(RECORDS FOR THIS TASK begins)
(* Let $e,m_->0$. There exist constants $0<C_1\le C_1'$ and $0<C_2\le C_2'$, depending only on $e,m_-$ (in particular independent of $k,\xi$), such that for every $k\in\mathbb{Z}\setminus\{0\}$, $\xi\in\mathbb{R}$ and every solution $B(t)=(B_1(t),B_2(t))^\top\in\mathbb{C}^2$ of $\frac{d}{dt}B=L_-(t)B$ on $[0,\infty)$, the functional $$\mathcal{E}_-(t)=\sqrt{\tfrac{p_2}{m_2}}|B_1|^2+2\frac{h_2}{\sqrt{m_2p_2}}\Re(B_1\bar B_2)+\sqrt{\tfrac{m_2}{p_2}}|B_2|^2$$ satisfies, for all $t\ge0$, $$C_1\mathcal{E}_-(0)\le\mathcal{E}_-(t)\le C_1'\mathcal{E}_-(0),\qquad C_2|B(0)|\le|B(t)|\le C_2'|B(0)|.$$
   Context: For fixed $k\in\mathbb{Z}\setminus\{0\}$, $\xi\in\mathbb{R}$ let $\alpha(t)=k^2+(\xi-kt)^2$, so $\partial_t\alpha=-2k(\xi-kt)$. Define $h_2(t)=\frac14\alpha^{-1}\partial_t\alpha$, $m_2(t)=\frac{1}{\sqrt{m_-}}\alpha^{1/2}$, $p_2(t)=\frac{4\pi e^2}{\sqrt{m_-}\alpha^{1/2}}+\frac{2k^2\sqrt{m_-}}{\alpha^{3/2}}+\frac{1}{\sqrt{m_-}}\alpha^{1/2}$, and $$L_-(t)=\begin{pmatrix}-h_2(t) & -m_2(t)\\ p_2(t) & h_2(t)\end{pmatrix}.$$ (This is the Fourier-side symmetrized form, in the sheared coordinates $X=x-yt$, $Y=y$, of the linearized electron Euler–Poisson system around the Couette flow.) *)

From Stdlib Require Import Reals Lra.
From Coquelicot Require Import Coquelicot.
Open Scope R_scope.

(* Parameters: e (electron charge), mm = m_- (mass), k (as a real), xi. *)
Definition alpha (k xi t : R) : R := k ^ 2 + (xi - k * t) ^ 2.
Definition dalpha (k xi t : R) : R := - 2 * k * (xi - k * t).

Definition h2 (k xi t : R) : R := / 4 * / alpha k xi t * dalpha k xi t.
Definition m2 (mm k xi t : R) : R := / sqrt mm * sqrt (alpha k xi t).
Definition p2 (e mm k xi t : R) : R :=
  4 * PI * e ^ 2 / (sqrt mm * sqrt (alpha k xi t))
  + 2 * k ^ 2 * sqrt mm / (alpha k xi t * sqrt (alpha k xi t))
  + / sqrt mm * sqrt (alpha k xi t).

Definition is_solution (e mm k xi : R) (B1 B2 : R -> C) : Prop :=
  (forall t, 0 <= t -> filterlim B1 (at_right t) (locally (B1 t))
                     /\ filterlim B2 (at_right t) (locally (B2 t))) /\
  (forall t, 0 < t ->
     is_derive B1 t (- (RtoC (h2 k xi t) * B1 t) - RtoC (m2 mm k xi t) * B2 t)%C /\
     is_derive B2 t (RtoC (p2 e mm k xi t) * B1 t + RtoC (h2 k xi t) * B2 t)%C).

Definition Eminus (e mm k xi : R) (B1 B2 : R -> C) (t : R) : R :=
  let h := h2 k xi t in let m := m2 mm k xi t in let p := p2 e mm k xi t in
  sqrt (p / m) * (Cmod (B1 t)) ^ 2
  + 2 * (h / sqrt (m * p)) * Re (B1 t * Cconj (B2 t))%C
  + sqrt (m / p) * (Cmod (B2 t)) ^ 2.

Definition normB (B1 B2 : R -> C) (t : R) : R :=
  sqrt ((Cmod (B1 t)) ^ 2 + (Cmod (B2 t)) ^ 2).

From Stdlib Require Import Reals ZArith Lra Lia.
From Coquelicot Require Import Coquelicot.
Open Scope R_scope.
(* Let $p$ be a prime, $R=\mathbb Z_{(p)}$ the localization of $\mathbb Z$ at $(p)$, and $\mathbb Z(p^\infty)=\mathbb Q/R$ the Prüfer group. Then the elements $\left(\frac{1}{p^{nt}}+R\right)_{n\ge1}$, $t\in\mathbb N^*$, of $(\mathbb Z(p^\infty))^{\mathbb N^*}$ are free generators of a free abelian subgroup of infinite rank; consequently $\mathbb Q\oplus(\mathbb Z(p^\infty))^{\mathbb N^*}\cong(\mathbb Z(p^\infty))^{\mathbb N^*}$ as $R$-modules. (Here $\mathbb Q$ and $\mathbb Z(p^\infty)$ are uniserial $R$-modules with local endomorphism rings, $[\mathbb Q]_m\neq[\mathbb Z(p^\infty)]_m$ and $[\mathbb Q]_e\ne[\mathbb Z(p^\infty)]_e$, so no bijections $\mathbb N\to\mathbb N^*$ preserve monogeny or epigeny classes between the families $\{\mathbb Q,\mathbb Z(p^\infty),\mathbb Z(p^\infty),\dots\}$ and $\{\mathbb Z(p^\infty),\mathbb Z(p^\infty),\dots\}$.)
   Context: $\mathbb N^*$ denotes the set of positive integers. $[M]_m=[N]_m$ means there exist monomorphisms $M\to N$, $N\to M$; $[M]_e=[N]_e$ means there exist epimorphisms $M\to N$, $N\to M$. *)

From HB Require Import structures.
From mathcomp Require Import all_boot all_order all_algebra.
Set Implicit Arguments. Unset Strict Implicit. Unset Printing Implicit Defensive.
Import Order.TTheory GRing.Theory Num.Theory.
Local Open Scope ring_scope.

(* R = Z_(p) inside Q: rationals whose reduced denominator is prime to p. *)
Definition inR (p : nat) (q : rat) : bool := ~~ (p %| `|denq q|)%N.

(* Z(p^oo) = Q / R, represented by rational representatives:
   a and b represent the same element iff a - b \in R. *)
Definition pequiv (p : nat) (a b : rat) : Prop := inR p (a - b).

(* (Z(p^oo))^{N*}: sequences of representatives; index k : nat stands for
   n = k+1 \in N*.  Equality is componentwise equality in Q/R. *)
Definition seqequiv (p : nat) (s s' : nat -> rat) : Prop :=
  forall k, pequiv p (s k) (s' k).

Definition srcequiv (p : nat) (u v : rat * (nat -> rat)) : Prop :=
  u.1 = v.1 /\ seqequiv p u.2 v.2.

Definition xgen (p t : nat) : nat -> rat :=
  fun k => ((p%:R : rat) ^+ (k.+1 * t))^-1.

(* f (on representatives) induces an R-module isomorphism
   Q (+) (Z(p^oo))^{N*} -> (Z(p^oo))^{N*}: well defined, additive,
   R-linear, injective and surjective on the quotients. *)
Definition Rmod_iso (p : nat) (f : rat * (nat -> rat) -> nat -> rat) : Prop :=
  [/\ (forall u v, srcequiv p u v -> seqequiv p (f u) (f v)),
      (forall u v, seqequiv p (f (u.1 + v.1, fun k => u.2 k + v.2 k))
                              (fun k => f u k + f v k)),
      (forall r u, inR p r ->
          seqequiv p (f (r * u.1, fun k => r * u.2 k)) (fun k => r * f u k)),
      (forall u v, seqequiv p (f u) (f v) -> srcequiv p u v)
    & (forall y, exists u, seqequiv p (f u) y)].

From HB Require Import structures.
From mathcomp Require Import all_boot all_order all_algebra.
From mathcomp Require Import ring boolp classical_sets functions.
From Stdlib Require Cantor.
Import Order.TTheory GRing.Theory Num.Theory.
Local Open Scope ring_scope.

(* Independence: in a relation [sum_(t <= N) c_t x_t = 0], scale the coordinate
   [k = |c_N|] by [p^((k+1)N)]; the lower terms become integers and what is left
   is [c_N / p^(k+1)], which lies in [R] only if [c_N = 0].
   Isomorphism: by Zorn's lemma there is a Q-linear functional [rho] on [Q^N]
   vanishing on [R^N] with [rho x_1 = 1]; it is well defined on [(Q/R)^N], and
   adding a multiple of [x_1] to a sequence sets its [rho]-value at will.  Cut a
   sequence into countably many blocks [y_0, y_1, ...] by Cantor pairing and send
   [(q, y)] to the sequence whose block [j] is [y_j] corrected so that its
   [rho]-value is [q] for [j = 0] and [rho y_(j-1)] otherwise: a Hilbert hotel
   that absorbs the summand [Q]. *)

Section FunctionalExtension.
Local Open Scope classical_set_scope.
Variables (F : fieldType) (V : lmodType F) (W : set V) (v : V).
Hypotheses (W0 : W 0) (WD : forall x y, W x -> W y -> W (x + y))
  (WZ : forall a x, W x -> W (a *: x)) (Wv : ~ W v).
(RECORDS FOR THIS TASK ends)
■ WORK TO COMPLETE
Collect from the data above every line that includes "value".

■ ANSWER FOR THE TASK
   adding a multiple of [x_1] to a sequence sets its [rho]-value at will.  Cut a
   [rho]-value is [q] for [j = 0] and [rho y_(j-1)] otherwise: a Hilbert hotel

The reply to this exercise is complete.